Cal Performances Adapts to a Virtual Fall Season

Janos Gereben on August 25, 2020
Tessa Lark appears with Andrew Armstrong on Oct. 1 | Credit:Lauren Desberg

With their cars packed, ready to evacuate the Berkeley Hills on a moment’s notice if the enormous California wildfires come too close, Cal Performances officials still managed to announce modified plans for the fall, as scheduled.

That detail — just one more challenge in 2020 — is telling in the context of the life of a big, internationally famous performance organization, which has been struggling with the COVID-19 disaster, along with the rest of the world.

Previously, Cal Performances announced a big, ambitious 2020–2021 schedule on April 28, in the second month of the pandemic, Executive and Artistic Director Jeremy Geffen’s introductory season since taking over from Matías Tarnopolsky a year before.

Cal Performances Executive Director Jeremy Geffen | Credit: Kristen Loken

That announcement came in the midst of worldwide cancellations of performing-arts events but also stated that Cal Performances “looks forward to beginning its recovery from the COVID-19 pandemic crisis, which forced a premature end to the 2019–2020 season.” The fall half of that in-person season has since been canceled.

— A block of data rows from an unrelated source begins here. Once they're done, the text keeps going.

Lemma walk1 x y : e x y -> walk e x y 1.
Proof. by move=> exy; exists [:: y]; rewrite /= exy. Qed.

Lemma walk_cat x y z d1 d2 :
  walk e x y d1 -> walk e y z d2 -> walk e x z (d1 + d2).
Proof.
move=> [p [<- ep <-]] [q [<- eq <-]]; exists (p ++ q).
by rewrite size_cat cat_path last_cat ep eq.
Qed.

Lemma walk_sym x y d : symmetric e -> walk e x y d -> walk e y x d.
Proof.
move=> e_sym [p [<- ep <-]]; elim: p x ep => [|z p IHp] x /=.
  by move=> _; exact: walk0.
case/andP=> exz /IHp; rewrite -[(size p).+1]addn1 => /walk_cat; apply.
by apply: walk1; rewrite e_sym.
Qed.

Lemma walk_map (T' : finType) (e' : rel T') (h : T -> T') x y d :
  {homo h : u v / e u v >-> e' u v} -> walk e x y d -> walk e' (h x) (h y) d.
Proof.
move=> h_hom [p [<- ep <-]]; exists (map h p); rewrite size_map last_map.
by split=> //; elim: p x ep => [|z p IHp] x //= /andP[/h_hom -> /IHp].
Qed.

Section Along.
Variables (h : nat -> T) (n : nat).
Hypothesis h_step : forall t, t < n -> e (h t) (h t.+1).

Lemma walk_along i j : i <= j <= n -> walk e (h i) (h j) (j - i).
Proof.
case/andP=> + le_jn; elim: j le_jn => [|j IHj] lt_jn.
  by rewrite leqn0 => /eqP->; exact: walk0.
rewrite leq_eqVlt => /orP[/eqP->|le_ij]; first by rewrite subnn; exact: walk0.
rewrite subSn // -[(j - i).+1]addn1; apply: walk_cat (IHj (ltnW lt_jn) le_ij) _.
exact/walk1/h_step.
Qed.

Lemma walk_along_distn i j :
  symmetric e -> i <= n -> j <= n -> walk e (h i) (h j) (distn i j).
Proof.
move=> e_sym le_in le_jn; rewrite /distn; have [le_ij|lt_ji] := leqP i j.
  by rewrite (eqP le_ij) add0n; apply: walk_along; rewrite le_ij.
rewrite (eqP (ltnW lt_ji)) addn0; apply: walk_sym e_sym _.
by apply: walk_along; rewrite (ltnW lt_ji).
Qed.

End Along.
End Walks.
Lemma compact_nested_closed (T : topologicalType) (K : nat -> set T) :
  compact [set: T] -> (forall n, closed (K n)) -> (forall n, K n.+1 `<=` K n) ->
  (forall n, K n !=set0) -> exists v, forall n, K n v.
Proof.
move=> Tc K_closed K_nested K_nonempty.
have [c Kc] := @choice _ _ _ K_nonempty.
have K_sub m n : (m <= n)%N -> K n `<=` K m.
  elim: n => [|n IH]; first by rewrite leqn0 => /eqP ->.
  rewrite leq_eqVlt => /orP[/eqP -> // | mn].
  by apply: subset_trans (IH mn); exact: K_nested.
have [v] := compact_seq_cluster c Tc; rewrite clusterE => cv.
exists v => m; rewrite (closure_id (K m)).1 //; apply: cv.
by exists m => // n mn; exact: K_sub mn _ (Kc n).
Qed.

Lemma countable_surjection (T : Type) (t0 : T) : countable [set: T] ->
  exists e : nat -> T, forall y, exists n, e n = y.
Proof.
move=> /countable_injP [g g_inj].
pose e n := epsilon (inhabits t0) (fun y => g y = n).
exists e => y; exists (g y).
have : g (e (g y)) = g y.
  by apply: (epsilon_spec (inhabits t0) (fun z => g z = g y)); exists y.
by apply: g_inj; rewrite in_setT.
Qed.

Section metric_space.
Variables (R : realType) (X : metricType R).
Local Open Scope ring_scope.

Lemma closed_ball_avoid (c y : X) (U : set X) : nbhs c U -> c != y ->
  exists2 s : R, 0 < s & closed_ball c s `<=` U /\ ~ closed_ball c s y.
Proof.
move=> Uc cy.
have yC : nbhs c (~` [set y]).
  apply: filterS (nbhsx_ballx c (mdist c y) _) => [z + zy|]; last by rewrite mdist_gt0.
  by rewrite zy ballEmdist /= ltxx.
have : nbhs c (U `&` ~` [set y]) by exact: filterI.
move=> /nbhs_ballP [s /= s_gt0 sU].
exists (s / 2); first by rewrite divr_gt0.
by split=> [z /(subset_closure_half s_gt0) /sU [] //
           | /(subset_closure_half s_gt0) /sU [_ /(_ erefl)]].
Qed.
(* Let $\mathcal{F}$ be a frame and $C_s,C_o\subseteq\mathcal{CH}$. If there is no undirected path in the undirected graph of $\mathcal{F}$ between $C_s$ and $C_o$, then there is no disclosure between $C_s$ and $C_o$.
   Context: A frame $\mathcal{F}$ consists of pairwise disjoint sets $\mathcal{LO}$ (locations), $\mathcal{CH}$ (channels), $\mathcal{D}$ (data). Each channel $c$ either has both a sender $\mathrm{sender}(c)$ and recipient $\mathrm{recipient}(c)$ in $\mathcal{LO}$ (possibly equal), or neither; $\mathrm{chans}(\ell)=\{c:\mathrm{sender}(c)=\ell\text{ or }\mathrm{recipient}(c)=\ell\}$. Each location $\ell$ has a prefix-closed set $\mathrm{traces}(\ell)$ of finite or infinite sequences of labels $(c,v)$, $c\in\mathrm{chans}(\ell)$, $v\in\mathcal{D}$. Events come from a set $E$ with $\mathrm{chan}:E\to\mathcal{CH}$, $\mathrm{msg}:E\to\mathcal{D}$. A system of events $(B,\preceq)$ has $B\subseteq E$, $\preceq$ a partial order with finitely many predecessors per event; it is an execution ($\in\mathrm{exec}(\mathcal{F})$) iff for each location $\ell$ the events whose channel has $\ell$ as sender or recipient are linearly ordered and, as a sequence of labels $(\mathrm{chan}(e),\mathrm{msg}(e))$, lie in $\mathrm{traces}(\ell)$. $\mathcal{B}|_C$ keeps events with channel in $C$ with the restricted order; $\mathrm{lruns}_C=\{\mathcal{A}|_C:\mathcal{A}\in\mathrm{exec}(\mathcal{F})\}$; $J_C^{C'}(\mathcal{B})=\{\mathcal{A}|_{C'}:\mathcal{A}\in\mathrm{exec}(\mathcal{F}),\mathcal{A}|_C=\mathcal{B}\}$. There is no disclosure between $C$ and $C'$ iff $J_C^{C'}(\mathcal{B})=\mathrm{lruns}_{C'}$ for every $\mathcal{B}\in\mathrm{lruns}_C$. The undirected graph of $\mathcal{F}$ has vertices $\mathcal{LO}$ and an edge between $\ell_1,\ell_2$ whenever some channel has sender one of them and recipient the other. A path between $C_s$ and $C_o$ is an undirected path from a location that is an endpoint of a channel in $C_o$ to a location that is an endpoint of a channel in $C_s$. *)

From Stdlib Require Import List Relations.
Import ListNotations.

(* A (finite or infinite) sequence over A: a partial map nat -> option A
   which is defined on an initial segment of nat. *)
Definition is_seq {A : Type} (s : nat -> option A) : Prop :=
  forall n, s n = None -> s (S n) = None.

Definition trunc {A : Type} (n : nat) (s : nat -> option A) : nat -> option A :=
  fun i => if Nat.ltb i n then s i else None.

(* Locations, channels and data are three (distinct, hence
   disjoint) types.  [ends c = Some (sender, recipient)] if c has
   endpoints, [None] if it has neither. *)
Record frame := {
  LO : Type;
  CH : Type;
  D : Type;
  ends : CH -> option (LO * LO);
  traces : LO -> (nat -> option (CH * D)) -> Prop;
  E : Type;
  chan : E -> CH;
  msg : E -> D;
  traces_seq : forall l s, traces l s -> is_seq s;
  traces_prefix : forall l s n, traces l s -> traces l (trunc n s);
  traces_chans : forall l s n c v, traces l s -> s n = Some (c, v) ->
      exists a b, ends c = Some (a, b) /\ (a = l \/ b = l)
}.

Section Frame.
Variable F : frame.

Definition endpoint (l : LO F) (c : CH F) : Prop :=
  exists a b, ends F c = Some (a, b) /\ (a = l \/ b = l).

Record sys := { ev : E F -> Prop; ord : E F -> E F -> Prop }.

Definition is_sys (S : sys) : Prop :=
  (forall e1 e2, ord S e1 e2 -> ev S e1 /\ ev S e2) /\
  (forall e, ev S e -> ord S e e) /\
  (forall e1 e2, ord S e1 e2 -> ord S e2 e1 -> e1 = e2) /\
  (forall e1 e2 e3, ord S e1 e2 -> ord S e2 e3 -> ord S e1 e3) /\
  (forall e, ev S e -> exists l : list (E F), forall e', ord S e' e -> In e' l).

Definition label (e : E F) : CH F * D F := (chan F e, msg F e).

Definition local (l : LO F) (e : E F) : Prop := endpoint l (chan F e).

Definition execution (S : sys) : Prop :=
  is_sys S /\
  forall l : LO F,
    (forall e1 e2, ev S e1 -> ev S e2 -> local l e1 -> local l e2 ->
        ord S e1 e2 \/ ord S e2 e1) /\
    exists s : nat -> option (E F),
      is_seq s /\
      (forall n e, s n = Some e -> ev S e /\ local l e) /\
      (forall e, ev S e -> local l e -> exists n, s n = Some e) /\
      (forall n m e1 e2, s n = Some e1 -> s m = Some e2 ->
          (ord S e1 e2 <-> n <= m)) /\
      traces F l (fun n => option_map label (s n)).

Definition restrict (C : CH F -> Prop) (S : sys) : sys :=
  {| ev := fun e => ev S e /\ C (chan F e);
     ord := fun e1 e2 => ord S e1 e2 /\ C (chan F e1) /\ C (chan F e2) |}.

Definition sys_eq (S T : sys) : Prop :=
  (forall e, ev S e <-> ev T e) /\ (forall e1 e2, ord S e1 e2 <-> ord T e1 e2).

Definition lruns (C : CH F -> Prop) (X : sys) : Prop :=
  exists A, execution A /\ sys_eq (restrict C A) X.

Definition J (C C' : CH F -> Prop) (B X : sys) : Prop :=
  exists A, execution A /\ sys_eq (restrict C A) B /\ sys_eq (restrict C' A) X.

Definition no_disclosure (C C' : CH F -> Prop) : Prop :=
  forall B, lruns C B -> forall X, J C C' B X <-> lruns C' X.

Definition adj (l1 l2 : LO F) : Prop :=
  exists c a b, ends F c = Some (a, b) /\
    ((a = l1 /\ b = l2) \/ (a = l2 /\ b = l1)).

Definition path_between (Cs Co : CH F -> Prop) : Prop :=
  exists l1 l2 c1 c2,
    Co c1 /\ endpoint l1 c1 /\ Cs c2 /\ endpoint l2 c2 /\
    clos_refl_trans (LO F) adj l1 l2.

End Frame.

(* The channels connected in the undirected graph to some channel of [Co]
   form a set [K] such that every location has either all or none of its
   channels in [K].  Given an execution [A1] with [A1|Cs = B] and any
   execution [A2], keep the [K]-events of [A2] and the other events of [A1]:
   each location sees only one of the two executions, so the splice is again
   an execution, and it agrees with [A1] on [Cs] and with [A2] on [Co]. *)
From Stdlib Require Import Relations Classical.

Section Splice.
Variable F : frame.

(* [execution F S] is convertible to [is_sys F S /\ forall l, local_execution S l]. *)
Definition local_execution (S : sys F) (l : LO F) : Prop :=
  (forall e1 e2, ev F S e1 -> ev F S e2 -> local F l e1 -> local F l e2 ->
      ord F S e1 e2 \/ ord F S e2 e1) /\
  exists s : nat -> option (E F),
    is_seq s /\
    (forall n e, s n = Some e -> ev F S e /\ local F l e) /\
    (forall e, ev F S e -> local F l e -> exists n, s n = Some e) /\
    (forall n m e1 e2, s n = Some e1 -> s m = Some e2 ->
        (ord F S e1 e2 <-> n <= m)) /\
    traces F l (fun n => option_map (label F) (s n)).

Lemma local_execution_agree (S T : sys F) (l : LO F) :
  (forall e, local F l e -> (ev F S e <-> ev F T e)) ->
  (forall e1 e2, local F l e1 -> local F l e2 ->
      (ord F S e1 e2 <-> ord F T e1 e2)) ->
  local_execution T l -> local_execution S l.
Proof.
  intros Hev Hord [Hlin [s [Hseq [Hin [Hall [Hmono Htr]]]]]]. split.
  - intros e1 e2 H1 H2 L1 L2.
    rewrite (Hord e1 e2 L1 L2), (Hord e2 e1 L2 L1).
    apply Hlin; [apply Hev | apply Hev | |]; assumption.
  - exists s. split; [assumption | split; [| split; [| split]]]; try assumption.
    + intros n e Hs. destruct (Hin n e Hs) as [He Le].
      split; [apply Hev|]; assumption.
    + intros e He Le. apply Hall; [apply Hev|]; assumption.
    + intros n m e1 e2 H1 H2.
      destruct (Hin n e1 H1) as [_ L1], (Hin m e2 H2) as [_ L2].
      rewrite (Hord e1 e2 L1 L2). apply Hmono; assumption.
Qed.

Variable K : CH F -> Prop.
Hypothesis K_local : forall l c c',
  endpoint F l c -> endpoint F l c' -> K c -> K c'.

Lemma local_all_or_none (l : LO F) :
  (forall e, local F l e -> K (chan F e)) \/
  (forall e, local F l e -> ~ K (chan F e)).
Proof.
  destruct (classic (exists c, endpoint F l c /\ K c)) as [[c [Lc Kc]] | HnK].
  - left. intros e Le. exact (K_local l c (chan F e) Lc Le Kc).
  - right. intros e Le Ke. apply HnK. exists (chan F e). split; assumption.
Qed.

Variables A1 A2 : sys F.

Definition splice : sys F :=
  {| ev := fun e => (ev F A2 e /\ K (chan F e)) \/ (ev F A1 e /\ ~ K (chan F e));
     ord := fun e1 e2 =>
       (ord F A2 e1 e2 /\ K (chan F e1) /\ K (chan F e2)) \/
       (ord F A1 e1 e2 /\ ~ K (chan F e1) /\ ~ K (chan F e2)) |}.

Lemma splice_is_sys : is_sys F A1 -> is_sys F A2 -> is_sys F splice.
Proof.
  intros [ev1 [refl1 [anti1 [trans1 fin1]]]] [ev2 [refl2 [anti2 [trans2 fin2]]]].
  split; [|split; [|split; [|split]]]; simpl.
  - intros x y [[H [Kx Ky]] | [H [Kx Ky]]].
    + destruct (ev2 _ _ H). tauto.
    + destruct (ev1 _ _ H). tauto.
  - intros x [[H Kx] | [H Kx]]; [left | right]; auto.
  - intros x y [[H [Kx Ky]] | [H [Kx Ky]]] [[H' [Ky' Kx']] | [H' [Ky' Kx']]];
      try tauto; eauto.
  - intros x y z [[H [Kx Ky]] | [H [Kx Ky]]] [[H' [Ky' Kz]] | [H' [Ky' Kz]]];
      try tauto; [left | right]; split; eauto.
  - intros x [[H Kx] | [H Kx]].
    + destruct (fin2 x H) as [ls Hls]. exists ls.
      intros y [[Hy _] | [_ [_ Kx']]]; [auto | tauto].
    + destruct (fin1 x H) as [ls Hls]. exists ls.
      intros y [[_ [_ Kx']] | [Hy _]]; [tauto | auto].
Qed.

Lemma splice_execution : execution F A1 -> execution F A2 -> execution F splice.
Proof.
  intros [S1 Loc1] [S2 Loc2]. split; [exact (splice_is_sys S1 S2)|]. intros l.
  destruct (local_all_or_none l) as [HK | HnK];
    [apply (local_execution_agree splice A2) | apply (local_execution_agree splice A1)];
    try (apply Loc1 || apply Loc2); simpl.
  - intros e Le. specialize (HK e Le). tauto.
  - intros e1 e2 L1 L2. pose proof (HK e1 L1). pose proof (HK e2 L2). tauto.
  - intros e Le. specialize (HnK e Le). tauto.
  - intros e1 e2 L1 L2. pose proof (HnK e1 L1). pose proof (HnK e2 L2). tauto.
Qed.

Lemma restrict_splice_in (C : CH F -> Prop) :
  (forall c, C c -> K c) -> sys_eq F (restrict F C splice) (restrict F C A2).
Proof.
  intros HC. split; simpl.
  - intros e. pose proof (HC (chan F e)). tauto.
  - intros x y. pose proof (HC (chan F x)). pose proof (HC (chan F y)). tauto.
Qed.

Lemma restrict_splice_out (C : CH F -> Prop) :
  (forall c, C c -> ~ K c) -> sys_eq F (restrict F C splice) (restrict F C A1).
Proof.
  intros HC. split; simpl.
  - intros e. pose proof (HC (chan F e)). tauto.
  - intros x y. pose proof (HC (chan F x)). pose proof (HC (chan F y)). tauto.
Qed.

End Splice.

Lemma sys_eq_trans (F : frame) (S T U : sys F) :
  sys_eq F S T -> sys_eq F T U -> sys_eq F S U.
Proof.
  intros [evST ordST] [evTU ordTU].
  split; intros; [rewrite evST, evTU | rewrite ordST, ordTU]; tauto.
Qed.

Theorem no_disclosure_of_cut (F : frame) (Cs Co K : CH F -> Prop) :
  (forall l c c', endpoint F l c -> endpoint F l c' -> K c -> K c') ->
  (forall c, Co c -> K c) ->
  (forall c, Cs c -> ~ K c) ->
  no_disclosure F Cs Co.
Proof.
  intros K_local CoK CsK B [A1 [Ex1 HB]] X. split.
  - intros [A [ExA [_ HX]]]. exists A. split; assumption.
  - intros [A2 [Ex2 HX]]. exists (splice F K A1 A2).
    split; [| split].
    + apply splice_execution; assumption.
    + eapply sys_eq_trans; [apply restrict_splice_out|]; eassumption.
    + eapply sys_eq_trans; [apply restrict_splice_in|]; eassumption.
Qed.

Section Reachable.
Variable F : frame.
Variable Co : CH F -> Prop.

Definition reachable_loc (l : LO F) : Prop :=
  exists l0 c0, Co c0 /\ endpoint F l0 c0 /\ clos_refl_trans (LO F) (adj F) l0 l.

(* The disjunct [Co c] matters for channels without endpoints. *)
Definition reachable_chan (c : CH F) : Prop :=
  Co c \/ exists l, reachable_loc l /\ endpoint F l c.

Lemma endpoints_connected (l l' : LO F) (c : CH F) :
  endpoint F l c -> endpoint F l' c -> clos_refl_trans (LO F) (adj F) l l'.
Proof.
  intros [a [b [Hc Hl]]] [a' [b' [Hc' Hl']]].
  rewrite Hc in Hc'. injection Hc' as <- <-.
  destruct Hl as [<- | <-], Hl' as [<- | <-];
    try apply rt_refl; apply rt_step; exists c, a, b; auto.
Qed.

Lemma reachable_chan_loc (l : LO F) (c : CH F) :
  reachable_chan c -> endpoint F l c -> reachable_loc l.
Proof.
  intros [Hc | [l' [[l0 [c0 [Hc0 [L0 Hpath]]]] Ll']]] Lc.
  - exists l, c. repeat split; [assumption | assumption | apply rt_refl].
  - exists l0, c0. repeat split; try assumption.
    eapply rt_trans; [exact Hpath | eapply endpoints_connected; eassumption].
Qed.

Lemma reachable_chan_local (l : LO F) (c c' : CH F) :
  endpoint F l c -> endpoint F l c' -> reachable_chan c -> reachable_chan c'.
Proof.
  intros Lc Lc' Hc. right. exists l. split; [|assumption].
  eapply reachable_chan_loc; eassumption.
Qed.

Lemma reachable_chan_disjoint (Cs : CH F -> Prop) :
  (forall c, Cs c -> Co c -> ends F c <> None) ->
  ~ path_between F Cs Co ->
  forall c, Cs c -> ~ reachable_chan c.
Proof.
  intros Hends Hnopath c Hs [Ho | [l [[l0 [c0 [Ho0 [L0 Hpath]]]] Lc]]].
  - destruct (ends F c) as [[a b] |] eqn:Hc; [| exact (Hends c Hs Ho Hc)].
    assert (La : endpoint F a c) by (exists a, b; auto).
    apply Hnopath. exists a, a, c, c. repeat split; auto using rt_refl.
  - apply Hnopath. exists l0, l, c0, c. repeat split; assumption.
Qed.

End Reachable.

Theorem corollary1 (F : frame) (Cs Co : CH F -> Prop) :
  (forall c, Cs c -> Co c -> ends F c <> None) ->
  ~ path_between F Cs Co ->
  no_disclosure F Cs Co.
Proof.
  intros Hends Hnopath.
  apply (no_disclosure_of_cut F Cs Co (reachable_chan F Co)).
  - apply reachable_chan_local.
  - intros c Hc. left. exact Hc.
  - apply reachable_chan_disjoint; assumption.
Qed.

Today’s announcement is of Cal Performances at Home, a streaming series featuring 15 newly produced, full-length Main Stage performance video streams, available beginning Oct. 1, 2020, through Jan. 14, 2021.

Recorded on stages and in recording studios all over the world, the series includes 10 programs that were previously scheduled for Cal Performances’ live-event fall season, plus four new performances, and a New Year’s Eve “Musical Celebration.”

A new Main Stage video performance will debut each week. Viewers will have access to most performances for three months after its premiere, and on the evenings of each streaming premiere, a special digital “watch party” will feature a live-chat element.

Main Stage videos will be supplemented with free “Beyond the Stage” original digital content, including artist talks, interviews, lectures, and panel discussions, which will contextualize programs and give viewers the opportunity to engage directly with artists and each other. A third area of content, the “Digital Classroom,” will focus on educational content for students of different ages, parents, and educators.

“In this moment when in-person performances are not yet safe, we have been reminded of the performing arts’ unsurpassed ability to express the power and potential of the human spirit,” says Geffen. “As we approach fall 2020 and what would have been the beginning of our in-person season, Cal Performances’ most pressing goal has become finding a way to enable our audiences to continue to experience what they love about the performing arts.”

Julia Bullock | Credit: Michael Orenstein

Cal Performances at Home follows the weekly Now, More Than Ever YouTube playlists and blog posts of music and dance performances that Geffen has been curating since the COVID-19 pandemic led to the cancellation of all in-person performances. To date, two guest curators have also participated in the project — soprano Julia Bullock and cellist Sheku Kanneh-Mason. Bullock, who will headline her own Cal Performances at Home recital on Jan. 14, wrote as an introduction to her playlist of July 22:

I’m writing this from Munich, Germany, the place I now call home. St. Louis (where I grew up) and New York (where I previously resided) feel both oddly distant and close during this remarkable time. Some of the work I’ve shared here was introduced to me just last month, but most of it I discovered over the past several years, and all of it is material with which I connected immediately and deeply. I hope you give yourself permission to engage fully with these artists and this art: laugh, cry, shout, be amazed and in awe, share them, and return to them.”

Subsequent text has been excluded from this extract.